(Supplied entries)

Lemma filterlim_log_term :
  filterlim (fun x => / 2 * ln x * L x) (at_right 0) (locally 0).
Proof.
  assert (Hsqrt : forall c, continuous (fun x => c * sqrt x) 0).
  { intros c. apply (continuous_mult (K := R_AbsRing));
      [apply continuous_const | apply continuous_sqrt]. }
  change (filterlim (fun x => / 2 * ln x * L x) (at_right 0) (Rbar_locally 0)).
  apply (filterlim_le_le (fun x => - 3 * sqrt x) _ (fun x => 3 * sqrt x)).
  - exists (mkposreal (/ 2) ltac:(lra)). intros x Hx Hx0.
    change (Rabs (x - 0) < / 2) in Hx. apply Rabs_def2 in Hx.
    pose proof (log_term_bound x ltac:(lra)) as Hb.
    apply Rabs_le_between in Hb. lra.
  - apply filterlim_at_right_of_continuous; [apply Hsqrt | rewrite sqrt_0; ring].
  - apply filterlim_at_right_of_continuous; [apply Hsqrt | rewrite sqrt_0; ring].
Qed.

Lemma filterlim_landen_dual_0 :
  filterlim (fun x => (1 - x) / (1 + x)) (at_right 0) (at_left 1).
Proof.
  intros P [eps HP].
  assert (Heps : 0 < Rmin (eps / 2) 1) by (apply Rmin_pos; [pose proof (cond_pos eps) |]; lra).
  exists (mkposreal _ Heps). intros x Hx Hx0. simpl in Hx0.
  change (Rabs (x - 0) < Rmin (eps / 2) 1) in Hx. apply Rabs_def2 in Hx.
  pose proof (Rmin_l (eps / 2) 1). pose proof (Rmin_r (eps / 2) 1).
  assert (Hd : 1 - (1 - x) / (1 + x) = 2 * x / (1 + x)) by (field; lra).
  assert (Hpos : 0 < 2 * x / (1 + x) <= 2 * x).
  { split; [apply Rdiv_lt_0_compat; lra |].
    apply Rmult_le_reg_r with (1 + x); [lra |].
    unfold Rdiv. rewrite Rmult_assoc, Rinv_l by lra. nra. }
  apply HP; [| lra].
  change (Rabs ((1 - x) / (1 + x) - 1) < eps). apply Rabs_def1; lra.
Qed.

Lemma filterlim_landen_0 : filterlim landen (at_right 0) (locally (PI ^ 2 / 8)).
Proof.
  replace (PI ^ 2 / 8) with (0 + PI ^ 2 / 8 - 0) by ring.
  apply filterlim_Rminus; [apply filterlim_Rplus | exact filterlim_log_term].
  - apply filterlim_at_right_of_continuous; [exact continuous_S_0 | exact S_0].
  - exact (filterlim_comp _ _ _ _ S _ _ _ filterlim_landen_dual_0 filterlim_S_1).
Qed.

Lemma landen_value x : 0 < x < 1 -> landen x = PI ^ 2 / 8.
Proof.
  intros Hx.
  apply (filterlim_locally_unique (F := at_right 0) landen); [| exact filterlim_landen_0].
  apply (filterlim_ext_loc (fun _ => landen x)); [| apply filterlim_const].
  exists (mkposreal 1 Rlt_0_1). intros y Hy Hy0.
  change (Rabs (y - 0) < 1) in Hy. apply Rabs_def2 in Hy.
  apply landen_const; lra.
Qed.

(** * The substitution *)

Definition tfix := sqrt 2 - 1.

Lemma tfix_bounds : 0 < tfix < / 2 /\ tfix * tfix + 2 * tfix = 1.
Proof.
  unfold tfix. pose proof (sqrt_sqrt 2 ltac:(lra)).
  assert (1 < sqrt 2) by (rewrite <- sqrt_1; apply sqrt_lt_1; lra).
  repeat split; nra.
Qed.

Lemma landen_dual_tfix : (1 - tfix) / (1 + tfix) = tfix.
Proof. destruct tfix_bounds as [? Hq]. field_simplify_eq; nra. Qed.

Lemma ln_tfix : ln tfix = - ln (1 + sqrt 2).
Proof.
  destruct tfix_bounds as [? _]. rewrite <- ln_Rinv by (unfold tfix in *; lra).
  f_equal. unfold tfix. pose proof (sqrt_sqrt 2 ltac:(lra)).
  field_simplify_eq; [| unfold tfix in *; lra]. nra.
Qed.

Definition integrand (u : R) := u - arcosh (sinh u).

Definition U (t : R) := - / 2 * ln (t * (1 - t) / (1 + t)).

Definition dU (t : R) := - / 2 * (/ t - / (1 - t) - / (1 + t)).

Definition Phi (t : R) := S t - L t ^ 2 / 4.

Lemma U_tfix : U tfix = ln (1 + sqrt 2).
Proof.
  destruct tfix_bounds as [? _]. unfold U.
  replace (tfix * (1 - tfix) / (1 + tfix)) with (tfix * tfix)
    by (rewrite <- landen_dual_tfix at 2; field; lra).
  rewrite ln_mult, ln_tfix by lra. field.
Qed.

Lemma integrand_U t : 0 < t <= tfix -> integrand (U t) = L t.
Proof.
  intros Ht. destruct tfix_bounds as [Htfix Hq].
  set (p := t * (1 - t) / (1 + t)).
  assert (Hp : 0 < p) by (unfold p; apply Rdiv_lt_0_compat; nra).
  set (q := sqrt p).
  assert (Hq0 : 0 < q) by (apply sqrt_lt_R0; lra).
  assert (Hqq : q * q = p) by (apply sqrt_sqrt; lra).
  assert (HU : U t = - ln q) by (unfold U, q; fold p; rewrite ln_sqrt by lra; field).
  assert (Hsinh : sinh (U t) = (/ q - q) / 2)
    by (rewrite HU; unfold sinh; rewrite Ropp_involutive, exp_Ropp, exp_ln by lra; reflexivity).
  assert (Hw : 0 <= 1 - 2 * t - t * t) by nra.
  set (w := (1 - 2 * t - t * t) / (2 * (1 + t) * q)).
  assert (Hww : w * w = ((/ q - q) / 2) ^ 2 - 1).
  { replace (((/ q - q) / 2) ^ 2 - 1) with (((1 - q * q) ^ 2 - 4 * (q * q)) / (4 * (q * q)))
      by (field; lra).
    replace (w * w) with ((1 - 2 * t - t * t) ^ 2 / (4 * (1 + t) ^ 2 * (q * q)))
      by (unfold w; field; lra).
    rewrite Hqq. unfold p. field. repeat split; lra. }
  assert (Hsq : sqrt (((/ q - q) / 2) ^ 2 - 1) = w).
  { apply sqrt_lem_1; [rewrite <- Hww; apply Rle_0_sqr | | exact Hww].
    unfold w. apply Rdiv_le_0_compat; nra. }
  assert (Hsum : (/ q - q) / 2 + w = (1 - t) / ((1 + t) * q)).
  { replace ((/ q - q) / 2) with ((1 - q * q) / (2 * q)) by (field; lra).
    rewrite Hqq. unfold w, p. field. repeat split; lra. }
  unfold integrand, arcosh. rewrite Hsinh, Hsq, Hsum, HU.
  unfold Rdiv.
  rewrite ln_mult, ln_Rinv, ln_mult
    by (try apply Rinv_0_lt_compat; try apply Rmult_lt_0_compat; lra).
  unfold L. ring.
Qed.

Lemma is_derive_U t : 0 < t < 1 -> is_derive U t (dU t).
Proof.
  intros Ht. unfold U, dU. auto_derive.
  - split; [lra |]. split; [| easy]. apply Rdiv_lt_0_compat; nra.
  - field. repeat split; lra.
Qed.

Lemma continuous_dU t : 0 < t < 1 -> continuous dU t.
Proof.
  intros Ht. apply (ex_derive_continuous (K := R_AbsRing) (V := R_NormedModule)).
  unfold dU. auto_derive. repeat split; lra.
Qed.

Lemma is_derive_Phi t : 0 < t < 1 -> is_derive Phi t (- (dU t * L t)).
Proof.
  intros Ht.
  assert (HL2 : is_derive (fun y => L y ^ 2 / 4) t (L t / 2 * (/ (1 + t) + / (1 - t))))
    by (unfold L; auto_derive; [repeat split; lra | unfold Rminus; field; lra]).
  replace (- (dU t * L t)) with (L t / (2 * t) - L t / 2 * (/ (1 + t) + / (1 - t)))
    by (unfold dU; field; lra).
  exact (is_derive_minus _ _ t _ _ (is_derive_S t Ht) HL2).
Qed.

Lemma continuous_dU_L t : 0 < t < 1 -> continuous (fun y => dU y * L y) t.
Proof.
  intros Ht. apply (ex_derive_continuous (K := R_AbsRing) (V := R_NormedModule)).
  unfold dU, L. auto_derive. repeat split; lra.
Qed.

Lemma U_pos t : 0 < t < 1 -> 0 < U t.
Proof.
  intros Ht. unfold U.
  assert (ln (t * (1 - t) / (1 + t)) < 0); [| lra].
  rewrite <- ln_1. apply ln_increasing; [apply Rdiv_lt_0_compat; nra |].
  apply Rmult_lt_reg_r with (1 + t); [lra |].
  unfold Rdiv. rewrite Rmult_assoc, Rinv_l by lra. nra.
Qed.

Lemma continuous_integrand u : 0 < u -> continuous integrand u.
Proof.
  intros Hu.
  assert (Hsinh : forall v, continuous sinh v).
  { intros v. apply (ex_derive_continuous (K := R_AbsRing) (V := R_NormedModule)).
    unfold sinh. auto_derive. easy. }
  assert (Hsinh_pos : 0 < sinh u).
  { unfold sinh. assert (exp (- u) < exp u) by (apply exp_increasing; lra). lra. }
  unfold integrand, arcosh.
  apply (continuous_minus (V := R_NormedModule)); [apply continuous_id |].
  apply (continuous_comp (fun v => sinh v + sqrt (sinh v ^ 2 - 1)) ln).
  - apply (continuous_plus (V := R_NormedModule)); [apply Hsinh |].
    apply continuous_sqrt_comp.
    apply (continuous_minus (V := R_NormedModule)); [| apply continuous_const].
    apply (continuous_comp sinh (fun s => s ^ 2)); [apply Hsinh |].
    apply (ex_derive_continuous (K := R_AbsRing) (V := R_NormedModule)). auto_derive. easy.
  - apply continuous_ln. pose proof (sqrt_pos (sinh u ^ 2 - 1)). lra.
Qed.

Lemma is_RInt_integrand_U t :
  0 < t < tfix -> is_RInt integrand (U tfix) (U t) (Phi tfix - Phi t).
Proof.
  intros Ht. destruct tfix_bounds as [Htfix _].
  assert (Hin : forall y, Rmin tfix t <= y <= Rmax tfix t -> 0 < y <= tfix)
    by (rewrite Rmin_right, Rmax_left by lra; intros; lra).
  assert (Hsubst : is_RInt (fun y => dU y * L y) tfix t (RInt integrand (U tfix) (U t))).
  { apply (is_RInt_ext (fun y => scal (dU y) (integrand (U y)))).
    - intros y Hy. rewrite integrand_U by (apply Hin; lra). reflexivity.
    - apply (is_RInt_comp integrand U dU).
      + intros y Hy. apply continuous_integrand, U_pos. pose proof (Hin y Hy). lra.
      + intros y Hy. pose proof (Hin y Hy).
        split; [apply is_derive_U | apply continuous_dU]; lra. }
  assert (Hftc : is_RInt (fun y => dU y * L y) tfix t (Phi tfix - Phi t)).
  { replace (Phi tfix - Phi t) with (minus (- Phi t) (- Phi tfix))
      by (unfold minus, plus, opp; simpl; ring).
    apply (is_RInt_derive (fun y => - Phi y)).
    - intros y Hy. pose proof (Hin y Hy).
      replace (dU y * L y) with (opp (- (dU y * L y))) by (unfold opp; simpl; ring).
      apply (is_derive_opp Phi), is_derive_Phi. lra.
    - intros y Hy. pose proof (Hin y Hy). apply continuous_dU_L. lra. }
  assert (Hex : ex_RInt integrand (U tfix) (U t)).
  { apply (ex_RInt_continuous (V := R_CompleteNormedModule)). intros z Hz.
    apply continuous_integrand.
    pose proof (U_pos t ltac:(lra)). pose proof (U_pos tfix ltac:(lra)).
    pose proof (Rmin_glb_lt (U tfix) (U t) 0). lra. }
  rewrite <- (is_RInt_unique _ _ _ _ Hftc), (is_RInt_unique _ _ _ _ Hsubst).
  exact (RInt_correct _ _ _ Hex).
Qed.

Lemma Phi_tfix : Phi tfix = PI ^ 2 / 16 - / 2 * ln (1 + sqrt 2) ^ 2.
Proof.
  destruct tfix_bounds as [Htfix _].
  pose proof (landen_value tfix ltac:(lra)) as Hlanden.
  assert (HL : L tfix = ln (1 + sqrt 2))
    by (rewrite <- landen_dual_tfix at 1; rewrite L_landen_dual, ln_tfix by lra; ring).
  unfold landen in Hlanden. rewrite landen_dual_tfix, HL, ln_tfix in Hlanden.
  unfold Phi. rewrite HL. nra.
Qed.

Lemma continuous_Phi_0 : continuous Phi 0.
Proof.
  apply (ex_derive_continuous (K := R_AbsRing) (V := R_NormedModule)).
  apply (ex_derive_minus (V := R_NormedModule)).
  - eexists. apply is_derive_S_RInt. lra.
  - unfold L. auto_derive. repeat split; lra.
Qed.

Lemma Phi_0 : Phi 0 = 0.
Proof. unfold Phi, L. rewrite S_0, Rplus_0_r, Rminus_0_r, ln_1. field. Qed.

Definition small_root (e : R) := ((1 - e) - sqrt ((1 - e) ^ 2 - 4 * e)) / 2.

(End Supplied entries)

The answer must be all the lines above that hold the word "Hftc".

  assert (Hftc : is_RInt (fun y => dU y * L y) tfix t (Phi tfix - Phi t)).
  rewrite <- (is_RInt_unique _ _ _ _ Hftc), (is_RInt_unique _ _ _ _ Hsubst).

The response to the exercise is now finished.